Research Fellow, Jesus College, Cambridge University, UK
My research examines the quantum mechanical motion and structure of small and light particles such as the atoms and electrons in molecules and how physical properties such as reaction rates and spectra can be calculated for them. The research ranges from mathematical methodological development to applications in large multidimensional systems. Themes include:
While in the Ananth group at Cornell University, I derived the exact nonadiabatic propagator in the mapping variable representation, writing the result in the Liouvillian formalism.
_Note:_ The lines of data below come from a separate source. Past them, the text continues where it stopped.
Lemma expect_sqnorm_residual_ge s (B : 'M[R]_n) : 0 < s ->
  (forall x, s * sqnorm x <= vdot x (F *m x)) ->
  ((s * sqfrob (1%:M - invmx F *m C *m B^T))%:E <=
    \int[P]_w (sqnorm (colv (u w) - B *m colv (v w)))%:E)%E.
Proof.
move=> s_gt0 F_coer.
under eq_integral => w _ do rewrite -[colv (u w)]mul1mx sqnorm_sub_sum -sumEFin.
rewrite integral_sum //; last first.
  by move=> k; have [] := expect_sqr_vdot_sub (1%:M^T *m delta_mx k 0) (B^T *m delta_mx k 0).
rewrite sqfrobE mulr_sumr -sumEFin; apply: lee_sum => k _.
rewrite mulmxBl mul1mx trmx1 mul1mx -(mulmxA (invmx F *m C)).
exact: expect_sqr_ge_residual.
Qed.

End Residual.

Lemma psdmx_second_moment u : sqintegrable u -> psdmx (cross_moment u u).
Proof.
move=> u_sqint x; rewrite -(qform0r _ (cross_moment u u) (cross_moment u u)).
exact: qform_cross_moment_ge0.
Qed.

Lemma measurable_feature0 : measurable_feature (fun _ _ => 0).
Proof. by move=> i; exact: measurable_cst. Qed.

Lemma sqintegrable0 : sqintegrable (fun _ _ => 0).
Proof.
split=> [|i]; first exact: measurable_feature0.
apply: (eq_integrable measurableT (fun _ => 0%E)) => [w _|]; first by rewrite expr0n.
exact: integrable0.
Qed.

End Moments.

(** * Product measures *)

Lemma bilinE (R : realType) n (W V : Type) (u : W -> 'I_n -> R) (v : V -> 'I_n -> R) x y :
  bilin u v x y = vdot (colv (u x)) (colv (v y)).
Proof. by apply: eq_bigr => i _; rewrite !mxE. Qed.

Lemma bilinC (R : realType) n (W V : Type) (u : W -> 'I_n -> R) (v : V -> 'I_n -> R) x y :
  bilin u v x y = bilin v u y x.
Proof. by apply: eq_bigr => i _; rewrite mulrC. Qed.

Lemma measurable_bilin (R : realType) (dW dV : measure_display)
  (W : measurableType dW) (V : measurableType dV) n
  (u : W -> 'I_n -> R) (v : V -> 'I_n -> R) :
  measurable_feature u -> measurable_feature v ->
  measurable_fun setT (fun z : W * V => bilin u v z.1 z.2).
Proof.
move=> mu mv; apply: measurable_sum => i; apply: measurable_funM.
  exact: measurableT_comp (mu i) measurable_fst.
exact: measurableT_comp (mv i) measurable_snd.
Qed.

Section ProductMeasure.
Context (R : realType) (dW dV : measure_display).
Context (W : measurableType dW) (V : measurableType dV).
Variables (PW : probability W R) (PV : probability V R) (n : nat).

Lemma integral_prod_sep (a : W -> R) (b : V -> R) :
  PW.-integrable setT (EFin \o a) -> PV.-integrable setT (EFin \o b) ->
  (forall x, 0 <= a x) -> (forall y, 0 <= b y) ->
  (\int[PW \x PV]_z (a z.1 * b z.2)%:E = (\int[PW]_x a x * \int[PV]_y b y)%:E)%E.
Proof.
move=> ia ib a_ge0 b_ge0.
have /measurable_EFinP ma := measurable_int _ ia.
have /measurable_EFinP mb := measurable_int _ ib.
rewrite (fubini_tonelli1 (fun z : W * V => (a z.1 * b z.2)%:E)); first last.
- by move=> z; rewrite lee_fin mulr_ge0.
- apply/measurable_EFinP; apply: measurable_funM.
    exact: measurableT_comp ma measurable_fst.
  exact: measurableT_comp mb measurable_snd.
have inner x : (\int[PV]_y (a x * b y)%:E = (a x * \int[PV]_y b y)%:E)%E.
  under eq_integral => y _ do rewrite EFinM.
  rewrite ge0_integralZl_EFin ?a_ge0 //.
  - by rewrite EFinM EFin_Rintegral.
  - by move=> y _; rewrite lee_fin.
  - exact/measurable_EFinP.
rewrite /fubini_F; under eq_integral => x _ do rewrite inner mulrC EFinM.
rewrite ge0_integralZl_EFin ?Rintegral_ge0 //.
- by rewrite EFinM !EFin_Rintegral // muleC.
- by move=> x _; rewrite lee_fin.
- exact/measurable_EFinP.
Qed.

Section Risk.
Variables (u1 u2 : W -> 'I_n -> R) (v1 v2 : V -> 'I_n -> R).

Let risk_integrand (z : W * V) := ((bilin u1 v1 z.1 z.2 - bilin u2 v2 z.1 z.2) ^+ 2)%:E.

Let risk_integrand_ge0 z : (0 <= risk_integrand z)%E.
Proof. by rewrite lee_fin sqr_ge0. Qed.

Section Measurable.
Hypotheses (mu1 : measurable_feature u1) (mu2 : measurable_feature u2).
Hypotheses (mv1 : measurable_feature v1) (mv2 : measurable_feature v2).

Lemma measurable_risk_integrand : measurable_fun setT risk_integrand.
Proof.
apply/measurable_EFinP; apply: measurable_funX.
by apply: measurable_funB; apply: measurable_bilin.
Qed.

End Measurable.

Section SquareIntegrable.
Hypotheses (u1_sqint : sqintegrable PW u1) (u2_sqint : sqintegrable PW u2).
Hypotheses (v1_sqint : sqintegrable PV v1) (v2_sqint : sqintegrable PV v2).
Let F := cross_moment PW u1 u1.
Let L := invmx F *m cross_moment PW u1 u2.

Let measurable_risk_integrand' : measurable_fun setT risk_integrand.
Proof. exact: measurable_risk_integrand u1_sqint.1 u2_sqint.1 v1_sqint.1 v2_sqint.1. Qed.

Lemma risk_ge_residual s : 0 < s -> (forall x, s * sqnorm x <= vdot x (F *m x)) ->
  ((s * \int[PV]_y sqnorm (colv (v1 y) - L *m colv (v2 y)))%:E <=
    risk PW PV u1 u2 v1 v2)%E.
Proof.
move=> s_gt0 F_coer.
have res_int := integrable_sqnorm_residual v1_sqint v2_sqint L.
rewrite /risk (fubini_tonelli2 _ measurable_risk_integrand' risk_integrand_ge0).
rewrite EFinM EFin_Rintegral // -integralZl //.
apply: ge0_le_integral => //.
- by move=> y _; rewrite -EFinM lee_fin mulr_ge0 ?sqnorm_ge0 ?ltW.
- by apply: emeasurable_funM => //; exact: measurable_int res_int.
- exact: measurable_fun_fubini_tonelli_G measurable_risk_integrand' risk_integrand_ge0.
move=> y _; rewrite -EFinM /fubini_G /risk_integrand /=.
under eq_integral => x _ do rewrite !bilinE (vdotC (colv (u1 x))) (vdotC (colv (u2 x))).
exact: expect_sqr_ge_residual.
Qed.

End SquareIntegrable.

Lemma risk_le_sep (a1 a2 : W -> R) (b1 b2 : V -> R) c :
  measurable_feature u1 -> measurable_feature u2 ->
  measurable_feature v1 -> measurable_feature v2 ->
  PW.-integrable setT (EFin \o a1) -> PW.-integrable setT (EFin \o a2) ->
  PV.-integrable setT (EFin \o b1) -> PV.-integrable setT (EFin \o b2) ->
  (forall x, 0 <= a1 x) -> (forall x, 0 <= a2 x) ->
  (forall y, 0 <= b1 y) -> (forall y, 0 <= b2 y) -> 0 <= c ->
  (forall x y, (bilin u1 v1 x y - bilin u2 v2 x y) ^+ 2 <= c * (a1 x * b1 y + a2 x * b2 y)) ->
  (risk PW PV u1 u2 v1 v2 <=
    (c * (\int[PW]_x a1 x * \int[PV]_y b1 y + \int[PW]_x a2 x * \int[PV]_y b2 y))%:E)%E.
Proof.
move=> mu1 mu2 mv1 mv2 ia1 ia2 ib1 ib2 a1_ge0 a2_ge0 b1_ge0 b2_ge0 c_ge0 bound.
have mprod (a : W -> R) (b : V -> R) : PW.-integrable setT (EFin \o a) ->
    PV.-integrable setT (EFin \o b) ->
    measurable_fun setT (fun z : W * V => (a z.1 * b z.2)%:E).
  move=> /measurable_int/measurable_EFinP ma /measurable_int/measurable_EFinP mb.
  apply/measurable_EFinP; apply: measurable_funM.
    exact: measurableT_comp ma measurable_fst.
  exact: measurableT_comp mb measurable_snd.
have prod_ge0 (a : W -> R) (b : V -> R) : (forall x, 0 <= a x) -> (forall y, 0 <= b y) ->
    forall z : W * V, (0 <= (a z.1 * b z.2)%:E)%E.
  by move=> a_ge0 b_ge0 z; rewrite lee_fin mulr_ge0.
apply: le_trans (_ : _ <= \int[PW \x PV]_z
    (c%:E * ((a1 z.1 * b1 z.2)%:E + (a2 z.1 * b2 z.2)%:E)))%E _.
  apply: ge0_le_integral => //.
  - by move=> z _; rewrite lee_fin sqr_ge0.
  - exact: measurable_risk_integrand.
  - by apply: emeasurable_funM => //; apply: emeasurable_funD; exact: mprod.
  - by move=> [x y] _; rewrite -EFinD -EFinM lee_fin bound.
rewrite ge0_integralZl_EFin //; last 2 first.
- by move=> z _; rewrite adde_ge0 ?prod_ge0.
- by apply: emeasurable_funD; exact: mprod.
rewrite ge0_integralD //; last 4 first.
- by move=> z _; exact: prod_ge0.
- exact: mprod.
- by move=> z _; exact: prod_ge0.
- exact: mprod.
by rewrite !integral_prod_sep // -EFinD -EFinM.
Qed.

End Risk.

Lemma sq_moment_risk0 (u : W -> 'I_n -> R) (v : V -> 'I_n -> R) :
  sq_moment PW PV u v = risk PW PV u (fun _ _ => 0) v (fun _ _ => 0).
Proof.
apply: eq_integral => z _; congr (_ ^+ 2)%:E.
by rewrite [X in _ - X]big1 ?subr0 // => i _; rewrite mulr0.
Qed.

Lemma sq_moment_ge (u : W -> 'I_n -> R) (v : V -> 'I_n -> R) s :
  sqintegrable PW u -> sqintegrable PV v -> 0 < s ->
  (forall x, s * sqnorm x <= vdot x (cross_moment PW u u *m x)) ->
  ((s * \int[PV]_y sqnorm (colv (v y)))%:E <= sq_moment PW PV u v)%E.
Proof.
move=> u_sqint v_sqint s_gt0 F_coer; rewrite sq_moment_risk0.
apply: le_trans (risk_ge_residual u_sqint (sqintegrable0 _ _) v_sqint (sqintegrable0 _ _)
  s_gt0 F_coer).
rewrite lee_fin ler_pM2l //.
by under [X in _ <= X]eq_Rintegral => y _ do rewrite colv0 mulmx0 subr0.
Qed.

End ProductMeasure.

Lemma risk_swap (R : realType) (dW dV : measure_display)
  (W : measurableType dW) (V : measurableType dV)
  (PW : probability W R) (PV : probability V R) n
  (u1 u2 : W -> 'I_n -> R) (v1 v2 : V -> 'I_n -> R) :
  measurable_feature u1 -> measurable_feature u2 ->
  measurable_feature v1 -> measurable_feature v2 ->
  risk PW PV u1 u2 v1 v2 = risk PV PW v1 v2 u1 u2.
Proof.
move=> mu1 mu2 mv1 mv2; have sqr_ge0E (x : R) : (0 <= (x ^+ 2)%:E)%E by rewrite lee_fin sqr_ge0.
rewrite /risk (fubini_tonelli1 _ (measurable_risk_integrand mu1 mu2 mv1 mv2)
  (fun=> sqr_ge0E _)).
rewrite [RHS](fubini_tonelli2 _ (measurable_risk_integrand mv1 mv2 mu1 mu2)
  (fun=> sqr_ge0E _)).
apply: eq_integral => x _; apply: eq_integral => y _.
by rewrite /= [bilin u1 _ _ _]bilinC [bilin u2 _ _ _]bilinC.
Qed.

(** * Transfer of the risk *)

Section TransferArithmetic.
Variable R : realFieldType.

Let product_sum_le (s e2 M2 x1 x2 x3 x4 : R) :
  0 < s -> 0 <= e2 -> 0 <= x1 -> 0 <= x2 -> 0 <= x3 -> 0 <= x4 ->
  x1 <= M2 -> x2 <= M2 -> x3 <= e2 -> x4 <= e2 -> s <= M2 -> e2 <= s / 4 ->
  e2 * (x1 * x2) + s * (x2 * x3) + s * (x1 * x4) + s * (x3 * x4) <= 4 * e2 * M2 ^+ 2.
Proof.
move=> s_gt0 e2_ge0 x1_ge0 x2_ge0 x3_ge0 x4_ge0 h1 h2 h3 h4 hs he2.
have := ler_pM x1_ge0 x2_ge0 h1 h2.
have := ler_pM (ltW s_gt0) (mulr_ge0 x2_ge0 x3_ge0) hs (ler_pM x2_ge0 x3_ge0 h2 h3).
have := ler_pM (ltW s_gt0) (mulr_ge0 x1_ge0 x4_ge0) hs (ler_pM x1_ge0 x4_ge0 h1 h4).
have := ler_wpM2l (ltW s_gt0) (ler_pM x3_ge0 x4_ge0 h3 h4).
have := ler_pM (ltW s_gt0) (ltW s_gt0) hs hs.
have := mulr_ge0 (ltW s_gt0) (ltW s_gt0); have := ler_wpM2l (ltW s_gt0) he2.
rewrite expr2; nra.
Qed.

Lemma transfer_arith (sf sg e2 M2 ef eg ed ee : R) :
  0 < sf -> 0 < sg -> 0 <= e2 -> 0 <= ef -> 0 <= eg -> 0 <= ed -> 0 <= ee ->
  sg * ef <= M2 -> sf * eg <= M2 -> sg * ed <= e2 -> sf * ee <= e2 ->
  sf * sg <= M2 -> e2 <= sf * sg / 4 ->
  16 * ((e2 / (sf * sg) * ef + ed) * eg + (ef + ed) * ee)
    <= 64 * e2 * M2 ^+ 2 / (sf * sg) ^+ 2.
Proof.
move=> sf_gt0 sg_gt0 e2_ge0 ef_ge0 eg_ge0 ed_ge0 ee_ge0 hf hg hd he hs he2.
have s_gt0 : 0 < sf * sg by rewrite mulr_gt0.
have := product_sum_le s_gt0 e2_ge0 (mulr_ge0 (ltW sg_gt0) ef_ge0)
  (mulr_ge0 (ltW sf_gt0) eg_ge0) (mulr_ge0 (ltW sg_gt0) ed_ge0)
  (mulr_ge0 (ltW sf_gt0) ee_ge0) hf hg hd he hs he2.
rewrite ler_pdivlMr ?exprn_gt0 //.
have -> : 16 * ((e2 / (sf * sg) * ef + ed) * eg + (ef + ed) * ee) * (sf * sg) ^+ 2 =
    16 * (e2 * (sg * ef * (sf * eg)) + sf * sg * (sf * eg * (sg * ed))
          + sf * sg * (sg * ef * (sf * ee)) + sf * sg * (sg * ed * (sf * ee))).
  by field; rewrite !gt_eqF.
lra.
Qed.

End TransferArithmetic.

Section Transfer.
Context (R : realType) (dW dV : measure_display).
Context (W : measurableType dW) (V : measurableType dV).
Variables (p : nat) (fs fh : W -> 'I_p -> R) (gs gh : V -> 'I_p -> R).
Variables (DW : bool -> probability W R) (DV : bool -> probability V R).
Hypotheses (fs_sqint : forall b, sqintegrable (DW b) fs).
Hypotheses (fh_sqint : forall b, sqintegrable (DW b) fh).
Hypotheses (gs_sqint : forall b, sqintegrable (DV b) gs).
Hypotheses (gh_sqint : forall b, sqintegrable (DV b) gh).

Let sf := sigma_min (cross_moment (DW true) fs fs).
Let sg := sigma_min (cross_moment (DV true) gs gs).
Hypotheses (sf_gt0 : 0 < sf) (sg_gt0 : 0 < sg).

Let L := invmx (cross_moment (DW true) fs fs) *m cross_moment (DW true) fs fh.
Let U := invmx (cross_moment (DV true) gs gs) *m cross_moment (DV true) gs gh.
Approximations to this exact result lead to pre-existing methods and their error terms from the exact quantum evolution.
As a master's student with Prof David Manolopoulos FRS, I investigated the computation of thermal reaction rates with a mean field form of non-adiabatic ring polymer molecular dynamics, showing that it was a considerable improvement on rate calculation only on the lower adiabatic surface in one-dimensional models.
More recently, with Matt Church and others I have invented the MInt algorithm, a symplectic propagator for the Meyer-Miller Hamiltonian, which we have then implemented in the mixed quantum-classical initial value representation (MQC-IVR) form of semiclassical dynamics.
Present research includes the design of intensely absorbent organic chromophores for photovoltaic applications (solar cells). There is a particular focus on singlet fission candidates which have the potential to substantially increase solar cell efficiency, with research on pi-bridge-pi chromophores recently published in the Journal of the American Chemical Society.
This involves high-level electronic structure computation for individual molecules and examining theoretical models to provide general rules for a wide variety of systems.
Collaborating with the Althorpe group, Michael Willatt, Andrea Muolo, Stuart Althorpe and I derived a form of linearized dynamics which conserves the quantum Boltzmann distribution: Matsubara Dynamics.
We then showed that two popular and successful approximate quantum dynamics methods, Centroid Molecular Dynamics (CMD) and Ring Polymer Molecular Dynamics (RPMD) could be related to Matsubara dynamics, deriving for the first time the explicit error terms between these methods and the exact quantum result.
Researching independently, I then related Thermostatted Ring Polymer Molecular Dynamics (TRPMD) to exact quantum dynamics via Matsubara dynamics, giving the explicit error in the propagator and a dynamical justification for the friction parameter. This research won the 2016 Longuet-Higgins Prize from Molecular Physics.
This research has been summarized in a recent New View article in Molecular Physics which reviews thermal quantum time-correlation functions from classical-like dynamics.
Stuart Althorpe and I have derived Quantum Transition-State Theory, the quantum analogue of transition-state theory, which had been claimed not to exist since 1939.
In an international collaboration with Prof Yury Suleimanov (MIT/Cyprus) I applied TRPMD to reaction rate theory, linked it to Kramers theory, and showed that, despite its promise for the computation of spectra, it is generally no more accurate than (unthermostatted) RPMD for the computation of reaction rates.
In a collaboration with Prof Mark Tuckerman and his group at New York University, we applied QTST and RPMD rate theory to diffusion in clathrate hydrates, showing how hydrogen diffuses more slowly that deuterium at intermediate temperates (50K) as the hydrogen molecule "swells" as it passes through the bottleneck between the clathrate cages more than the deuterium molecule. However, at low temperatures (around 8K) the effect is reversed and hydrogen tunnels through the barrier faster than deuterium.
With Stuart Althorpe I have also published an alternative derivation of quantum transition-state theory and, as part of a review article on thermal quantum time-correlation functions, showed how it could be derived in the Matsubara formalism.